There has been no change in the policy since last fiscal.

None of the directors of the Company received any remuneration or commission from Subsidiary Companies of your Company.

The details of remuneration paid to the Directors including Executive Director designated as Managing Director of the Company are given in Form MGT-9 forming part of the Directors Report.

19. BOARD & COMMITTEE MEETINGS

The board met 7 times during the financial year, the details of which are given in the Corporate Governance Report that forms part of the Annual Report. The intervening gap between any two meetings was within the period prescribed by the Companies Act, 2013.
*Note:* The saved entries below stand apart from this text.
(* Let $G=(V,E,\partial)$ be a graph and let $\mathcal G=\bigoplus_{v\in V}\mathcal G_v$ be a vertex space associated to $G$. Then there exist a graph $\tilde G=(\tilde V,E,\tilde\partial)$ (with the same edge set $E$) and a surjective graph morphism $\pi\colon \tilde G\to G$ which is the identity on $E$, together with subspaces $\tilde{\mathcal G}_{\tilde v}\subseteq \mathbb C^{\tilde E_{\tilde v}}$ for $\tilde v\in\tilde V$ (where $\tilde E_{\tilde v}$ is the set of edges adjacent to $\tilde v$ in $\tilde G$; such edges are adjacent to $\pi(\tilde v)$ in $G$, and $\tilde{\mathcal G}_{\tilde v}$ is regarded as a subspace of $\mathbb C^{E_{\pi(\tilde v)}}$ by extension by zero), such that $$\mathcal G=\bigoplus_{\tilde v\in\tilde V}\tilde{\mathcal G}_{\tilde v}\qquad\text{and}\qquad \mathcal G_v=\bigoplus_{\tilde v\in\pi^{-1}\{v\}}\tilde{\mathcal G}_{\tilde v}\quad\text{for all }v\in V,$$ and each $\tilde{\mathcal G}_{\tilde v}$ is irreducible.
   Context: A graph $G=(V,E,\partial)$ consists of a countable vertex set $V$, a countable edge set $E$, and a map $\partial\colon E\to V\times V$, $e\mapsto(\partial_-e,\partial_+e)$ (initial and terminal vertex). For $v\in V$ let $E_v^\pm=\{e\in E:\partial_\pm e=v\}$ and $E_v=E_v^+\sqcup E_v^-$ (disjoint union, so a self-loop appears twice); $\deg v=|E_v|$ is assumed finite and $\ge1$. The maximal vertex space at $v$ is $\mathbb C^{E_v}$; a vertex space at $v$ is a linear subspace $\mathcal G_v\subseteq\mathbb C^{E_v}$, and a vertex space of $G$ is $\mathcal G=\bigoplus_{v\in V}\mathcal G_v$. For $E_0\subseteq E_v$ set $\mathcal G_v|_{E_0}=\{F\in\mathcal G_v: F_e=0\text{ for all }e\in E_v\setminus E_0\}$. A vertex space $\mathcal G_v$ is irreducible if for every decomposition $E_v=E_{1}\sqcup E_{2}$ with $\mathcal G_v=\mathcal G_v|_{E_1}\oplus\mathcal G_v|_{E_2}$ one has $E_1=\emptyset$ or $E_2=\emptyset$ (the same definition applies to vertices of $\tilde G$). A graph morphism $\pi\colon\tilde G\to G$ which is the identity on edges is a map $\pi\colon\tilde V\to V$ with $\partial_\pm e=\pi(\tilde\partial_\pm e)$ for all $e\in E$; it is surjective if $\pi$ is onto $V$. *)

From mathcomp Require Import all_boot all_algebra.
From mathcomp Require Import reals.
From mathcomp.real_closed Require Import complex.

Set Implicit Arguments.
Unset Strict Implicit.
Unset Printing Implicit Defensive.

Import GRing.Theory.
Local Open Scope ring_scope.

(* A graph is given by a vertex type [V] and an edge type [E] (both countable)
   and a boundary map [bd : E -> V * V], bd e = (initial, terminal).
   The disjoint union E_v = E_v^+ ⊔ E_v^- is encoded with "half-edges"
   [(e, b) : E * bool]; [b = true] means the terminal end (e ∈ E_v^+),
   [b = false] the initial end (e ∈ E_v^-).  A self-loop thus contributes
   two half-edges at its vertex.
   An element of C^{E_v} is encoded as a function [E * bool -> C] vanishing
   outside E_v (extension by zero); a vertex space at v is a C-linear
   subspace of such functions. *)

Section Graphs.
Variables (V E : Type) (bd : E -> V * V).

Definition hend (h : E * bool) : V :=
  if h.2 then (bd h.1).2 else (bd h.1).1.

Definition Eat (v : V) (h : E * bool) : Prop := hend h = v.

End Graphs.

Definition finite_pred (T : eqType) (A : T -> Prop) : Prop :=
  exists s : seq T, forall x, A x -> x \in s.

Definition locally_finite_graph (V : Type) (E : eqType) (bd : E -> V * V) : Prop :=
  forall v : V, finite_pred (Eat bd v) /\ exists h, Eat bd v h.

Section Spaces.
Variables (H : Type) (C : fieldType).

Definition fspace := (H -> C) -> Prop.

Definition subspace_on (A : H -> Prop) (S : fspace) : Prop :=
  [/\ S (fun _ => 0),
      (forall F G, S F -> S G -> S (fun h => F h + G h)),
      (forall (c : C) F, S F -> S (fun h => c * F h)) &
      (forall F, S F -> forall h, ~ A h -> F h = 0)].

Definition restr (A : H -> Prop) (S : fspace) (E0 : H -> Prop) : fspace :=
  fun F => S F /\ forall h, A h -> ~ E0 h -> F h = 0.

Definition irreducible (A : H -> Prop) (S : fspace) : Prop :=
  forall E1 E2 : H -> Prop,
    (forall h, A h <-> E1 h \/ E2 h) ->
    (forall h, ~ (E1 h /\ E2 h)) ->
    (* S = S|_{E1} ⊕ S|_{E2} *)
    ((forall F, S F <-> exists F1 F2,
         [/\ restr A S E1 F1, restr A S E2 F2 & F = (fun h => F1 h + F2 h)]) /\
     (forall F1 F2, restr A S E1 F1 -> restr A S E2 F2 ->
         (fun h => F1 h + F2 h) = (fun _ => 0) ->
         F1 = (fun _ => 0) /\ F2 = (fun _ => 0))) ->
    (forall h, ~ E1 h) \/ (forall h, ~ E2 h).

(* the (algebraic) sum of the spaces S i, i ranging over indices satisfying P:
   all finite sums of elements F_i ∈ S_i with distinct indices i *)
Definition sum_space (I : eqType) (P : I -> Prop) (S : I -> fspace) : fspace :=
  fun F => exists (s : seq I) (f : I -> H -> C),
    [/\ uniq s, (forall i, i \in s -> P i /\ S i (f i)) &
        F = (fun h => \sum_(i <- s) f i h)].

Definition independent (I : eqType) (P : I -> Prop) (S : I -> fspace) : Prop :=
  forall (s : seq I) (f : I -> H -> C),
    uniq s -> (forall i, i \in s -> P i /\ S i (f i)) ->
    (fun h => \sum_(i <- s) f i h) = (fun _ => 0) ->
    forall i, i \in s -> f i = (fun _ => 0).

Definition is_direct_sum (I : eqType) (P : I -> Prop) (S : I -> fspace)
  (W : fspace) : Prop :=
  (forall F, W F <-> sum_space P S F) /\ independent P S.

End Spaces.

(* The new vertices are the blocks of the finest splitting of each vertex space.
   Call a set D of half-edges at v splitting if G_v is stable under restriction
   of functions to D, and call two half-edges at v inseparable if no splitting
   set contains exactly one of them.  Splitting sets are closed under complement
   and intersection, and v has finitely many half-edges, so every class of
   inseparable half-edges is itself splitting; hence G_v is the direct sum of
   its restrictions to the classes.  A nontrivial decomposition of one of these
   restrictions would yield a splitting set separating two half-edges of the
   class, so each restriction is irreducible. *)
From mathcomp Require Import all_boot all_algebra.
From mathcomp Require Import reals.
From mathcomp.real_closed Require Import complex.
From mathcomp Require Import boolp.

Set Implicit Arguments.
Unset Strict Implicit.
Unset Printing Implicit Defensive.

Import GRing.Theory.
Local Open Scope ring_scope.

Lemma sum_if_mem (M : nmodType) (I : eqType) (r s : seq I) (f : I -> M) :
  uniq r -> uniq s -> {subset s <= r} ->
  \sum_(i <- r) (if i \in s then f i else 0) = \sum_(i <- s) f i.
Proof.
move=> ur us sub; rewrite -big_mkcond -big_filter; apply: perm_big.
apply: uniq_perm; [exact: filter_uniq | exact: us |].
by move=> x; rewrite mem_filter; case xs: (x \in s) => //=; apply: sub.
Qed.

Section SumSpaces.
Variables (H : Type) (C : fieldType) (I : eqType).
Variables (P : I -> Prop) (S : I -> fspace H C).

Lemma sum_space0 : sum_space P S (fun _ => 0).
Proof. by exists [::], (fun _ _ => 0); split => //; apply: funext => h; rewrite big_nil. Qed.

Lemma sum_space1 i F : P i -> S i F -> sum_space P S F.
Proof.
move=> Pi SF; exists [:: i], (fun _ => F); split => //.
  by move=> j; rewrite inE => /eqP ->.
by apply: funext => h; rewrite big_seq1.
Qed.

Lemma sum_spaceD :
  (forall i, P i -> S i (fun _ => 0)) ->
  (forall i F G, P i -> S i F -> S i G -> S i (fun h => F h + G h)) ->
  forall F G, sum_space P S F -> sum_space P S G ->
  sum_space P S (fun h => F h + G h).
Proof.
move=> S0 SD F G [s [f [us Hs ->]]] [t [g [ut Ht ->]]].
pose restr_to (r : seq I) (k : I -> H -> C) i h := if i \in r then k i h else 0.
have S_restr (r : seq I) k i : P i -> (forall j, j \in r -> P j /\ S j (k j)) ->
    S i (restr_to r k i).
  rewrite /restr_to /= => Pi Hr; case: (boolP (i \in r)) => [/Hr [] //|_].
  exact: S0.
exists (undup (s ++ t)), (fun i h => restr_to s f i h + restr_to t g i h).
split; first exact: undup_uniq.
- move=> i; rewrite mem_undup mem_cat => /orP Hi.
  have Pi : P i by case: Hi => [/Hs|/Ht] [].
  by split=> //; apply: SD => //; apply: S_restr.
- apply: funext => h; rewrite big_split /= !sum_if_mem ?undup_uniq //.
    by move=> x xt; rewrite mem_undup mem_cat xt orbT.
  by move=> x xs; rewrite mem_undup mem_cat xs.
Qed.

Lemma sum_space_sub (W : fspace H C) :
  W (fun _ => 0) -> (forall F G, W F -> W G -> W (fun h => F h + G h)) ->
  (forall i F, P i -> S i F -> W F) ->
  forall F, sum_space P S F -> W F.
Proof.
move=> W0 WD WS F [s [f [_ Hs ->]]].
elim: s Hs => [|i s IH] Hs.
  by rewrite (_ : (fun _ => _) = (fun _ => 0)) //; apply: funext => h; rewrite big_nil.
rewrite (_ : (fun _ => _) = (fun h => f i h + \sum_(j <- s) f j h)); last first.
  by apply: funext => h; rewrite big_cons.
apply: WD; first by have [Pi Si] := Hs i (mem_head _ _); apply: WS Si.
by apply: IH => j js; apply: Hs; rewrite inE js orbT.
Qed.

Lemma independent_disjoint_supports (A : I -> H -> Prop) :
  (forall i F, P i -> S i F -> forall h, ~ A i h -> F h = 0) ->
  (forall i j h, P i -> P j -> A i h -> A j h -> i = j) ->
  independent P S.
Proof.
move=> supp disj s f us Hs Hsum i is_; apply: funext => h.
have [Pi Si] := Hs i is_.
have [Aih|] := pselect (A i h); last exact: supp Si h.
have /= := congr1 (fun F => F h) Hsum.
rewrite (bigD1_seq i is_ us) /= big_seq_cond big1 ?addr0 // => j /andP [js ji].
have [Pj Sj] := Hs j js; apply: (supp j _ Pj Sj) => Ajh.
by move: ji; rewrite (disj i j h Pi Pj Aih Ajh) eqxx.
Qed.

End SumSpaces.

Lemma sum_space_refine (H : Type) (C : fieldType) (I J : eqType)
  (S : I -> fspace H C) (T : J -> fspace H C) (pi : J -> I) :
  (forall i, S i (fun _ => 0)) ->
  (forall i F G, S i F -> S i G -> S i (fun h => F h + G h)) ->
  (forall j, T j (fun _ => 0)) ->
  (forall j F G, T j F -> T j G -> T j (fun h => F h + G h)) ->
  (forall i F, S i F <-> sum_space (fun j => pi j = i) T F) ->
  forall F, sum_space (fun _ => True) S F <-> sum_space (fun _ => True) T F.
Proof.
move=> S0 SD T0 TD ST F; split; apply: sum_space_sub; try exact: sum_space0.
- by apply: sum_spaceD => [j _|j F1 F2 _]; [apply: T0 | apply: TD].
- move=> i G _ /ST [s [f [us Hs ->]]]; exists s, f; split => //.
  by move=> j /Hs [].
- by apply: sum_spaceD => [i _|i F1 F2 _]; [apply: S0 | apply: SD].
- move=> j G _ TG; apply: (@sum_space1 _ _ _ _ _ (pi j)) => //.
  by apply/ST; apply: sum_space1 TG.
Qed.

Section Blocks.
Variables (C : fieldType) (V : eqType) (E : countType) (bd : E -> V * V).
Hypothesis graph_bd : locally_finite_graph bd.
Variable Gv : V -> fspace (E * bool) C.
Hypothesis Gv_subspace : forall v, subspace_on (Eat bd v) (Gv v).

Local Notation H := (E * bool)%type.
Local Notation at_ := (hend bd).

Definition splits (v : V) (D : pred H) : Prop :=
  forall F, Gv v F -> Gv v (fun h => if D h then F h else 0).

Definition inseparable (x y : H) : Prop :=
  at_ x = at_ y /\ forall D, splits (at_ x) D -> D x = D y.

Lemma splitsC v D : splits v D -> splits v (predC D).
Proof.
move=> sD F GF; have [_ GvD GvZ _] := Gv_subspace v.
have := GvD _ _ GF (GvZ (-1) _ (sD F GF)); congr Gv; apply: funext => h /=.
by case: (D h); rewrite ?mulr0 ?addr0 // mulN1r subrr.
Qed.

Lemma splitsI v D1 D2 : splits v D1 -> splits v D2 -> splits v (predI D1 D2).
Proof.
move=> s1 s2 F GF; have := s2 _ (s1 F GF); congr Gv; apply: funext => h /=.
by case: (D1 h); case: (D2 h).
Qed.

Lemma inseparable_sym x y : inseparable x y -> inseparable y x.
Proof. by move=> [exy Hxy]; split => // D; rewrite -exy => /Hxy ->. Qed.

Lemma inseparable_trans x y z :
  inseparable x y -> inseparable y z -> inseparable x z.
Proof.
move=> [exy Hxy] [eyz Hyz]; split; first by rewrite exy.
by move=> D sD; rewrite (Hxy _ sD) Hyz // -exy.
Qed.

Lemma splits_separate x h : at_ h = at_ x -> ~ inseparable x h ->
  exists2 D, splits (at_ x) D & D x && ~~ D h.
Proof.
move=> hx /not_andP [/(_ (esym hx)) //|]; rewrite -existsNP => -[D].
move=> /not_implyP [sD /eqP Dxh].
case Dx: (D x) Dxh; case Dh: (D h) => // _.
  by exists D; rewrite // Dx Dh.
by exists (predC D); [apply: splitsC | rewrite /= Dx Dh].
Qed.

Lemma splits_isolate x (s : seq H) : exists D, [/\ splits (at_ x) D, D x &
  forall h, h \in s -> at_ h = at_ x -> D h -> inseparable x h].
Proof.
elim: s => [|h s [D [sD Dx HD]]]; first by exists predT; split.
have [[hx /(splits_separate hx) [D' sD' /andP [D'x D'h]]]|ok] :=
  pselect (at_ h = at_ x /\ ~ inseparable x h); last first.
  exists D; split => // h'; rewrite inE => /orP [/eqP -> hx Dh|]; last exact: HD.
  by apply: contra_notP ok.
exists (predI D D'); split; [exact: splitsI | by rewrite /= Dx D'x |].
move=> h'; rewrite inE => /orP [/eqP ->|h's] h'x /andP [Dh' D'h'].
  by rewrite D'h' in D'h.
exact: HD.
Qed.

Lemma exists_inseparable x : exists y, `[< inseparable x y >].
Proof. by exists x; apply/asboolP. Qed.

Definition block_rep (x : H) : H := xchoose (exists_inseparable x).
The details pertaining to the composition of the Board and that of its committees and such other details as required to be provided under Companies Act, 2013 are included in the Corporate Governance Report, which form part of Annual report.

20. MEETING OF INDEPENDENT DIRECTORS

Independent Directors of the Company met on May 30, 2018 to review the performance of non-independent directors, the Board as a whole and the Chairman of the Company was evaluated, taking into account the views of Executive Directors and Non-Executive Directors. The same was discussed in the board meeting that followed the meeting of the Independent Directors, at which the performance of the Board, its committees and individual directors was also discussed. The Independent Directors in their separate meeting also assessed the quality, quantity and timeliness of flow of information between the Company management and the Board that is necessary for the Board to effectively and reasonably perform their duties.

From time to time familiarization program are arranged by the Company for Independent Directors with regard to their roles, rights, responsibilities with the Company, the nature of the industry in which the Company operates and business model of the Company and as and when the familiarization program are conducted the same are displayed under Investors Zone on the company's website www.mpsinfotec.com.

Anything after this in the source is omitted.